Hiciste el ampli de 200W cierto? el de videorockola.com. Cuanto te salio en materiales? Yo quiero armarlo, pero ando viendo tambien los presupuestos.

Lo del sonido grave, estoy casi seguro que es por los integrados, si es que usaste todos los demas materiales en los valores correctos, deberias de probar con otro par, o algunos equivalentes, el JRC4558 (dificilisimo de encontrar segun mi experiencia), o el tl072, seguro usaste alguno de estos, pero hay varios mas, . Deberias de probar varios.

Estos son los que he encontrado que son equivalentes

# NJM4558.
# RC4558.
# RC4559.
# TL072.
# TL062.
# TL082. 
# LM1458. 
# LM358. 
# LM833. 
# OP275. 
# OPA2604.
# TLC2272.


Y del TL074:

TL074, TL084, LF347, TDB0084

Son los que he encontrado, pero seguro hay muchos mas. Tambien deberias de checar de distintas marcas.

EDITO:

UUuuuuuuuuuuuyyyyyyyy veo que no usaste sockets...... Probar distintos integrados va a estar dificil, y si necesitas hacer una reparacion corres el riesgo de quemar los  integrados. Te sugiero que le pongas sockets, el gasto lo vale.

Tambien, el hecho de que la caja este cerrada le cambia el sonido, lo probaste con distintos bafles/bocinas? Muchos de los amplificadores de marca que he visto suelen ser de caja abierta, excepto los marshall.
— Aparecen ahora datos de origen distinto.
Definition Mrv (r : Req) (v : VNF) : R := 1 / (mubar M - theta M v * rlam r).
Definition sumM (r : Req) : R := \sum_(v in rV r) Mrv r v.
Definition lstar_cond (r : Req) (l : nat) : bool := dfw M l + sumM r <= rD r.
Definition is_lstar (r : Req) (l : nat) : Prop :=
  [/\ exists i : Node, layer M i = l, lstar_cond r l &
      forall i : Node, lstar_cond r (layer M i) -> (layer M i <= l)%N].
Definition Drv (r : Req) (v : VNF) (l : nat) : R :=
  Mrv r v / sumM r * (rD r - dfw M l).

Definition range_valid (j : nat) : bool := lmin M * (1 + eps) ^+ j.+1 < mubar M.
Definition inL (j : nat) (x : R) : bool :=
  if j == 0%N then
    (1 / (mubar M - lmin M) <= x) && (x <= 1 / (mubar M - lmin M * (1 + eps)))
  else
    (1 / (mubar M - lmin M * (1 + eps) ^+ j) < x)
    && (x <= 1 / (mubar M - lmin M * (1 + eps) ^+ j.+1)).

Definition load (b : VMt) : R := \sum_(p <- vjobs b) p.1.
Definition lat_after (b : VMt) (v : VNF) (lam : R) : R :=
  1 / (mubar M - theta M v * (load b + lam)).
Definition viable (i : Node) (v : VNF) (j : nat) (lam Dv : R) (b : VMt) : bool :=
  [&& vnode b == i, vvnf b == v, vrange b == j,
      0 < mubar M - theta M v * (load b + lam),
      lat_after b v lam <= Dv &
      all (fun p => lat_after b v lam <= p.2) (vjobs b)].
Definition add_job (b : VMt) (v : VNF) (lam Dv : R) : VMt :=
  mkVM (vnode b) (vvnf b) (vrange b) ((lam, Dv) :: vjobs b)
       (theta M v * (load b + lam) + 1 / foldr Num.min Dv (map snd (vjobs b))).

(* One job placement step (relational: ties among viable VMs with the
   largest load may be broken arbitrarily). *)
Definition place_job (i : Node) (v : VNF) (j : nat) (lam Dv : R)
    (s s' : seq VMt) : Prop :=
  (exists s1 b s2,
      [/\ s = s1 ++ b :: s2, viable i v j lam Dv b,
          all (fun b' => viable i v j lam Dv b' ==> (load b' <= load b)) s &
          s' = s1 ++ add_job b v lam Dv :: s2])
  \/ (~~ has (viable i v j lam Dv) s /\
      s' = rcons s (mkVM i v j [:: (lam, Dv)] (theta M v * lam + 1 / Dv))).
Ademas, si usaste bocinas que soporten el rango de frecuencias correcto cierto? 

Y pues a ver si puedes subir una grabacion de como esta sonando.


----------



## ZedHqX4 (Ene 5, 2010)

Parece que ya no puedo editarlo de nuevo.... Bueno, otra cosa que descubri hace poco, puedes cambiar unos condensadores, no estoy seguro de cuales son, hay que investigarle, o alguien que tenga mas conocimientos podria ayudarte, solo creo que tienen que ser de menor tamaño


----------



## ZedHqX4 (Ene 11, 2010)

Ok, preferiria editar mi viejo mensaje ¬¬, pero encontre esto 










Unas pequeñas guias para los controles de tono, son las diferencias entre los marshall y las fender (los amplificadores)

Los saque de esta pagina

http://www.gmarts.org/index.php?go=212

Por lo que noto, el circuito de este preamplificador es mas parecido al de fender


----------



## agsistemas (Mar 17, 2010)

Yo lo construí y anda perfecto, el unico problema que veo es que la distorsión suena un 100% mas que el canal limpio y a veces me hace clipear la potencia, mas alla de eso tiene un sonido muy bueno, saludos.


----------



## chaser (Mar 17, 2010)

ZedHqX4 dijo:


> Hiciste el ampli de 200W cierto? el de videorockola.com. Cuanto te salio en materiales? Yo quiero armarlo, pero ando viendo tambien los presupuestos.
> 
> Lo del sonido grave, estoy casi seguro que es por los integrados, si es que usaste todos los demas materiales en los valores correctos, deberias de probar con otro par, o algunos equivalentes, el JRC4558 (dificilisimo de encontrar segun mi experiencia), o el tl072, seguro usaste alguno de estos, pero hay varios mas, . Deberias de probar varios.
> 
> ...




Oye estoy haciendo y analizando lo que me dices., en este punto en lo que creo es que meti unas bocinas de iman muy grande de hecho podrian ser woofers pero los reencone a bacina crees que eso me afecte un poco??? aaa pero tambien le coloque otras bocinas normales y si no cambio el sonido solo se calentaron mucho (aclaro que son del mismo ohms y watts, sera el ampli?? Gracias.


----------



## agsistemas (Mar 17, 2010)

ZedHqX4 dijo:


> Hiciste el ampli de 200W cierto? el de videorockola.com. Cuanto te salio en materiales? Yo quiero armarlo, pero ando viendo tambien los presupuestos.


 
Hola, yo hice el ampli de 400w (200+200 en 4 ohms) de Videorockola y gaste 117 pesos en componentes, el gabinete y la fuente ya los tenia, la fuente pregunte y sale $ 169 la de 33+33 en 12 amperes.

Saludos


----------



## chaser (Mar 19, 2010)

Asi es amigo en total de componentes si son como $200 mn, y de la fuente úes yo construi el trans*formado*r me saldria en $100 mn. (claro si usas los transistores originales si esta carito porque cada uno sale en 80 a 100 pesos.)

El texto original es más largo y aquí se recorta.